Epidemiological studies have consistently shown that longstanding T2D is associated with a mildly increased risk of pancreatic cancer[16]. Recently, 88 genetic variants were reported in a GWAS meta-analysis of T2D in the Japanese population[17]. We found that the top 3 SNPs at 16p12.3 (rs78193826, rs117267808, and rs73541251) were also genome wide significantly associated with the risk of T2D in the latest GWAS comprising 191,764 Japanese subjects (Supplementary Table 5). In addition, these 3 SNPs were significantly associated with hemoglobin A1c (HbA1c; P < 1 × 10−4) and blood glucose levels (P < 0.01), which were included in other GWASs of quantitative traits in 42,790 and 93,146 Japanese subjects, respectively[18]. Among 82 T2D-related SNPs, rs117267808 at 16p12.3 (GP2) and rs2290203 at 15q26.1 (PRC1-AS1) were significant after Bonferroni correction in our GWAS meta-analysis (P < 0.0006, Supplementary Data 6). Among 15 blood glucose-related SNPs, rs4581570 at 13q12.2 (PDX1) was significant after Bonferroni correction (P < 0.0033, Supplementary Data 7). In addition, none of the 25 HbA1c-associated (Supplementary Data 8) and 76 body mass index (BMI)-associated SNPs (Supplementary Data 9) were significant in our GWAS meta-analysis.

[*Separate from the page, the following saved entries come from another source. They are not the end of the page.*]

(* Let $\mathcal{B}$ be a prime Banach algebra over $\mathbb{R}$ or $\mathbb{C}$, and let $\mathcal{H}_1,\mathcal{H}_2$ be non-empty open subsets of $\mathcal{B}$. Suppose $\mathcal{B}$ admits a continuous automorphism $f$ such that for every $(x,y)\in\mathcal{H}_1\times\mathcal{H}_2$ there exist positive integers $p=p(x,y)$, $q=q(x,y)$ with $$f(x^{p}y^{q})-x^{p}\circ y^{q}\in Z(\mathcal{B}).$$ Then $\mathcal{B}$ is commutative.
   Context: $Z(\mathcal{B})$ denotes the center of $\mathcal{B}$. For $x,y\in\mathcal{B}$, $x\circ y=xy+yx$ and $[x,y]=xy-yx$. $\mathcal{B}$ is prime if $x\mathcal{B}y=\{0\}$ implies $x=0$ or $y=0$. An automorphism of $\mathcal{B}$ is a bijective map $f:\mathcal{B}\to\mathcal{B}$ with $f(x+y)=f(x)+f(y)$ and $f(xy)=f(x)f(y)$ for all $x,y$. *)

From HB Require Import structures.
From mathcomp Require Import all_boot all_order all_algebra.
From mathcomp Require Import all_classical all_reals all_analysis.
From mathcomp Require Import complex.
Import Order.TTheory GRing.Theory Num.Theory.
Import numFieldNormedType.Exports.
Local Open Scope ring_scope.
Local Open Scope classical_set_scope.

Definition is_banach_algebra_mul {K : numFieldType}
    {B : completeNormedModType K} (mul : B -> B -> B) : Prop :=
  [/\ (forall x y z, mul x (mul y z) = mul (mul x y) z),
      (forall x y z, mul x (y + z) = mul x y + mul x z),
      (forall x y z, mul (x + y) z = mul x z + mul y z),
      (forall (a : K) x y, mul (a *: x) y = a *: mul x y
                           /\ mul x (a *: y) = a *: mul x y)
    & (forall x y, `|mul x y| <= `|x| * `|y|)].

(* x ^ n for n >= 1 : [bpow mul x n] = x * ... * x (n factors), n >= 1 *)
Definition bpow {B : Type} (mul : B -> B -> B) (x : B) (n : nat) : B :=
  iter n.-1 (mul x) x.

Definition jordan {B : zmodType} (mul : B -> B -> B) (x y : B) : B :=
  mul x y + mul y x.
(* Let $q$ be a prime power. Then \[ \ell(2,3,q)\leq 2\sqrt{(q+1)\ln (q+1)}+2 . \]
   Context: For integers $R,r\ge 1$ and a prime power $q$, the length function $\ell(R,r,q)$ is the smallest length $n$ of a linear code over $\mathbb{F}_q$ of length $n$, codimension $r$ (i.e. dimension $n-r$) and covering radius $R$. Here $\ln$ denotes the natural logarithm. *)

From mathcomp Require Import all_boot all_order all_algebra.
From Stdlib Require Import ClassicalEpsilon.
Set Implicit Arguments. Unset Strict Implicit. Unset Printing Implicit Defensive.
Import GRing.Theory.
Local Open Scope ring_scope.

(* Linear codes over a finite field F, represented (mxalgebra style) by a
   square matrix C whose row space is the code, a subspace of F^n = 'rV[F]_n. *)

Definition hweight (F : finFieldType) (n : nat) (v : 'rV[F]_n) : nat :=
  #|[set i : 'I_n | v 0 i != 0]|.

(* Hamming distance from x to the code C: min over codewords c of wt(x - c)
   (the codeword 0 exists and any weight is <= n, so the start value n is harmless) *)
Definition dist_to_code (F : finFieldType) (n : nat) (C : 'M[F]_n) (x : 'rV[F]_n) : nat :=
  \big[minn/n]_(c : 'rV[F]_n | (c <= C)%MS) hweight (x - c).

Definition covering_radius (F : finFieldType) (n : nat) (C : 'M[F]_n) : nat :=
  \max_(x : 'rV[F]_n) dist_to_code C x.

Definition has_code (R r : nat) (F : finFieldType) (n : nat) : Prop :=
  (r <= n)%N /\
  exists C : 'M[F]_n, \rank C = (n - r)%N /\ covering_radius C = R.

(* the length function l(R, r, q), q = #|F|: the smallest such n
   (defined to be 0 if no such code exists; the main statement asserts existence) *)
Definition ell (R r : nat) (F : finFieldType) : nat :=
  match excluded_middle_informative (exists n, has_code R r F n) with
  | left H =>
      @ex_minn (fun n => is_left (excluded_middle_informative (has_code R r F n)))
        (let: ex_intro n Hn := H in
         ex_intro _ n (match excluded_middle_informative (has_code R r F n) as b
                          return is_left b with
                       | left _ => erefl | right nH => False_ind _ (nH Hn) end))
  | right _ => 0%N
  end.

(* A list S of nonzero, pairwise non-proportional vectors of F^3 such that every
   vector is a sum of multiples of two of them gives the columns of a parity-check
   matrix of a code of codimension 3: the syndrome of any word is that of an error
   of weight at most 2, so the covering radius is at most 2, and exactly 2 while S
   is too small for its multiples to fill F^3.  Such an S is built greedily.  If S
   has k columns, each vector s still uncovered is covered by at least
   (q-1)(k(q-1)+1) choices of a new column (namely a s + u with a <> 0 and u a
   multiple of a column), so by averaging some column leaves at most a fraction
   1 - (q-1)(k(q-1)+1)/q^3 of the uncovered vectors.  Uncovered vectors come in
   punctured lines of q - 1 points, so once fewer than 2(q-1) remain, one more
   column covers everything.  Bounding the product of the fractions by an
   exponential shows that about 2 sqrt((q+1) ln(q+1)) steps suffice when q >= 400;
   for smaller q the number of steps is computed and checked. *)

From Stdlib Require Import ClassicalEpsilon NArith ZArith Lia.
From mathcomp Require Import all_boot all_order all_algebra zify.
From Stdlib Require Import Reals Lra.
(* Reals rebinds the %N delimiter; restore the ssrnat one. *)
Import ssrnat.

Set Implicit Arguments. Unset Strict Implicit. Unset Printing Implicit Defensive.
Import GRing.Theory.
Local Open Scope ring_scope.

Section HammingDistance.
Variables (F : finFieldType) (n : nat).
Implicit Types (C : 'M[F]_n) (e x : 'rV[F]_n).

Lemma hweight_le_support e (A : {set 'I_n}) :
  (forall k, k \notin A -> e 0 k = 0) -> (hweight e <= #|A|)%N.
Proof.
move=> eA; apply/subset_leq_card/subsetP => k; rewrite inE.
by apply: contraR => /eA ->; rewrite eqxx.
Qed.

Lemma hweightD e1 e2 : (hweight (e1 + e2) <= hweight e1 + hweight e2)%N.
Proof.
apply: leq_trans (leq_card_setU _ _); apply/subset_leq_card/subsetP => k.
rewrite !inE mxE; apply: contraR; rewrite negb_or !negbK => /andP[/eqP-> /eqP->].
by rewrite addr0.
Qed.

Lemma hweight_le1_support e i :
  (hweight e <= 1)%N -> e 0 i != 0 -> forall k, k != i -> e 0 k = 0.
Proof.
move=> /card_le1P/(_ i) + ei k ki; rewrite inE ei => /(_ isT k); rewrite inE => eq_ik.
by apply/eqP; apply: contraNT ki; rewrite eq_ik.
Qed.

Lemma dist_to_code_le C x c w :
  (c <= C)%MS -> (hweight (x - c) <= w)%N -> (dist_to_code C x <= w)%N.
Proof.
move=> cC; apply: leq_trans; rewrite /dist_to_code -minEnat.
by rewrite -Order.NatOrder.leEnat; apply: Order.TotalTheory.bigmin_le_cond.
Qed.

Lemma dist_to_code_ge C x w : (w <= n)%N ->
  (forall c, (c <= C)%MS -> (w <= hweight (x - c))%N) -> (w <= dist_to_code C x)%N.
Proof.
move=> wn wC; apply: (big_ind (fun v => w <= v)%N) => // a b wa wb.
by rewrite leq_min wa wb.
Qed.

End HammingDistance.

Section Spans.
Variables (F : finFieldType) (r : nat).
Local Notation T := 'rV[F]_r.
Local Notation q := #|F|.
Implicit Types (S : seq T) (s u v x y : T) (a c : F).

Definition punctured_line x : {set T} := [set c *: x | c in [set~ 0]].
Definition span1 S : {set T} := 0 |: \bigcup_(y <- S) punctured_line y.
Definition span2 S : {set T} := [set u + v | u in span1 S, v in span1 S].

Fixpoint proj_free S : bool :=
  if S is x :: S' then (x \notin span1 S') && proj_free S' else true.

Lemma card_punctured_line x : x != 0 -> #|punctured_line x| = (q - 1)%N.
Proof.
move=> x0; rewrite card_in_imset ?cardsC1 ?subn1 // => a b _ _ /eqP.
by rewrite -subr_eq0 -scalerBl scaler_eq0 (negbTE x0) orbF subr_eq0 => /eqP.
Qed.

Lemma mem_punctured_line x c : c != 0 -> c *: x \in punctured_line x.
Proof. by move=> c0; apply/imsetP; exists c; rewrite ?inE. Qed.


Lemma span1_cons x S : span1 (x :: S) = punctured_line x :|: span1 S.
Proof. by rewrite /span1 big_cons setUCA. Qed.

Lemma span10 S : 0 \in span1 S.
Proof. exact: setU11. Qed.

Lemma span1P S u :
  reflect (u = 0 \/ exists2 y, y \in S & exists c, u = c *: y) (u \in span1 S).
Proof.
rewrite /span1 bigcup_seq; apply: (iffP setU1P) => [[->|/bigcupP[y yS]]|]; first by left.
  by case/imsetP=> c _ ->; right; exists y => //; exists c.
case=> [->|[y yS [c ->]]]; first by left.
have [->|c0] := eqVneq c 0; first by left; rewrite scale0r.
by right; apply/bigcupP; exists y => //; apply: mem_punctured_line.
Qed.

Lemma mem_span1 S y c : y \in S -> c *: y \in span1 S.
Proof. by move=> yS; apply/span1P; right; exists y => //; exists c. Qed.

Lemma span1_scale S c u : u \in span1 S -> c *: u \in span1 S.
Proof.
case/span1P => [->|[y yS [a ->]]]; first by rewrite scaler0 span10.
by rewrite scalerA mem_span1.
Qed.

Lemma span1_sub_cons x S : span1 S \subset span1 (x :: S).
Proof. by rewrite span1_cons subsetUr. Qed.

Lemma span2_sub_cons x S : span2 S \subset span2 (x :: S).
Proof.
by apply/subsetP => _ /imset2P[u v uS vS ->]; apply/imset2P; exists u v;
  rewrite // (subsetP (span1_sub_cons x S)).
Qed.

Lemma span2_cons_id x S : x \in span1 S -> span2 (x :: S) = span2 S.
Proof.
move=> xS; rewrite /span2; suff -> : span1 (x :: S) = span1 S by [].
rewrite span1_cons; apply/setUidPr/subsetP => _ /imsetP[c _ ->].
exact: span1_scale.
Qed.
(* Let $H$ be an admissible Hamiltonian with vector field $f$, and let $g$ be associated to $f$ via $B$. Define $$\Pi(x)=J(x)-\varepsilon^2\,J(x)\,\mathcal H\,J(x)\,\mathcal H\,J(x).$$ Then $\Pi$ is a Poisson tensor on $\mathbb R^{2n}$ (i.e. the bracket $\{F,G\}_\Pi=(\nabla F)^T\Pi(x)\nabla G$ is skew-symmetric and satisfies the Jacobi identity), and both maps $\Phi_f(\cdot,\varepsilon)$ and $\Phi_g(\cdot,\varepsilon)$ are Poisson with respect to it: $d\Phi_f(x)\,\Pi(x)\,d\Phi_f(x)^T=\Pi(\Phi_f(x,\varepsilon))$ and $d\Phi_g(x)\,\Pi(x)\,d\Phi_g(x)^T=\Pi(\Phi_g(x,\varepsilon))$ wherever defined.
   Context: Fix an integer $n\ge 2$. Points of $\mathbb R^{2n}$ are $x=(x_1,\dots,x_{2n})^{T}$; write $u=(x_1,\dots,x_n)^T$. Let $X(u)$ be the $n\times n$ matrix with entries $X(u)_{ij}=x_{k}$ where $k\in\{1,\dots,n\}$, $k\equiv i+j-1 \pmod n$, and let $J(x)=\begin{pmatrix}0&X(u)\\-X(u)&0\end{pmatrix}$ (a skew-symmetric $2n\times 2n$ matrix depending linearly on $x$). Let $\mathcal P$ be the $n\times n$ cyclic shift matrix ($\mathcal P_{i,i+1}=1$ for $1\le i\le n-1$, $\mathcal P_{n,1}=1$, all other entries $0$) and $A=\begin{pmatrix}\mathcal P&0\\0&\mathcal P\end{pmatrix}$. An admissible Hamiltonian is a homogeneous quadratic form $H(x)=\tfrac12 x^T\mathcal H x$ with a constant symmetric matrix $\mathcal H=\nabla^2H$ satisfying $A\mathcal H=\mathcal H A^T$; its Hamiltonian vector field is $f(x)=J(x)\nabla H(x)$ and $f'(x)$ denotes the Jacobi matrix of $f$. Kahan map: for a vector field $f$ whose components are homogeneous quadratic polynomials and a parameter $\varepsilon$, the Kahan map is $\Phi_f(x,\varepsilon)=(I-\varepsilon f'(x))^{-1}x$ (defined wherever $I-\varepsilon f'(x)$ is invertible); it is the solution $\tilde x$ of $\frac{\tilde x-x}{2\varepsilon}=2f(\frac{x+\tilde x}{2})-\frac12f(x)-\frac12 f(\tilde x)$; $d\Phi_f(x)$ denotes its Jacobi matrix with respect to $x$. Associated vector fields: let $B=\sum_{i=0}^{n-1}\alpha_iA^i$ with $\alpha_i\in\mathbb C$ and $B^2=I$. If $H$ is an admissible Hamiltonian with vector field $f$, put $K(x)=\tfrac12 x^T B\mathcal H x$ (so $\nabla K=B\nabla H$) and $g(x)=J(x)\nabla K(x)=B^Tf(x)$; $g$ is said to be associated to $f$ via $B$. (When $B$ is complex, everything is considered over $\mathbb C^{2n}$.) *)

From HB Require Import structures.
From mathcomp Require Import all_boot all_order all_algebra.
Set Implicit Arguments. Unset Strict Implicit. Unset Printing Implicit Defensive.
Import Order.TTheory GRing.Theory Num.Theory.
Local Open Scope ring_scope.
Theorem proposition7p3 (d : measure_display) (T : measurableType d) (R : realType)
  (P : probability T R) (Q : probability T R) (D : T -> R) (p : R) :
  nonatomic P -> abs_cont Q P -> is_density Q P D -> 1 <= p ->
  (inLp P (conj_exp p) D ->
     exists F : (T -> R) -> R,
       [/\ extends_rho_inf P D F, Lp_continuous P p%:E F,
           (forall X, inLp P p%:E X -> rhoQ P D X = (F X)%:E) &
           (forall G : (T -> R) -> R,
              extends_rho_inf P D G -> Lp_continuous P p%:E G ->
              forall X, inLp P p%:E X -> G X = F X)]) /\
  (~ inLp P (conj_exp p) D ->
     ~ exists F : (T -> R) -> R,
         extends_rho_inf P D F /\ Lp_continuous P p%:E F).
Proof.
move=> _ _ [mD D0 _] p1; split; last exact: no_continuous_extension.
move=> [_ D_lty]; pose F X := fine (rhoQ P D X).
have rhoE X : inLp P p%:E X -> rhoQ P D X = (F X)%:E.
  by move=> XLp; rewrite fineK // (rhoQ_fin_num mD p1 D_lty XLp).
have Fc : Lp_continuous P p%:E F := Lp_continuous_rhoQ mD p1 D_lty.
exists F; split => // [X /(inLp_Linfty p1) /rhoE -> // | G GE Gc].
apply: (Lp_continuous_eq_Linfty p1 Gc Fc) => W WLy.
by apply/EFin_inj; rewrite GE // rhoE //; exact: inLp_Linfty.
Qed.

Mendelian randomization (MR) analysis

To examine whether the associations of metabolic traits with pancreatic cancer are consistent with a systematic association, we performed a MR analysis with the inverse variance-weighted (IVW) and MR–Egger methods. Inconsistent results were observed for T2D, with no significant association between the SNP index T2D and pancreatic cancer risk based on the IVW method (Fig. 5a). Although the MR–Egger analysis yielded a significant association, the intercept differed significantly from zero (P < 0.05, Supplementary Fig. 4a), suggesting the presence of horizontal pleiotropy. Applying the MR Pleiotropy RESidual Sum and Outlier (MR-PRESSO) test enabled the detection of two outlying SNPs (rs117267808 at 16p12.3 (GP2) and rs2290203 at 15q26.1 (PRC1-AS1); Supplementary Data 6). After correction for horizontal pleiotropy via outlier removal, the association remained nonsignificant in the IVW analysis (β ± SE = 0.08 ± 0.06, P = 0.16). In contrast, the HbA1c genetic index level appeared to be related to an increased risk of pancreatic cancer, on the basis of significant results with both the IVW and MR–Egger methods (Fig. 5b and Supplementary Fig. 4b). In addition, we found no significant associations between genetic index levels for the other two metabolic factors (blood glucose and BMI) and pancreatic cancer risk (Supplementary Fig. 5).

Fig. 5

Mendelian randomization analysis for the T2D–pancreatic cancer associations.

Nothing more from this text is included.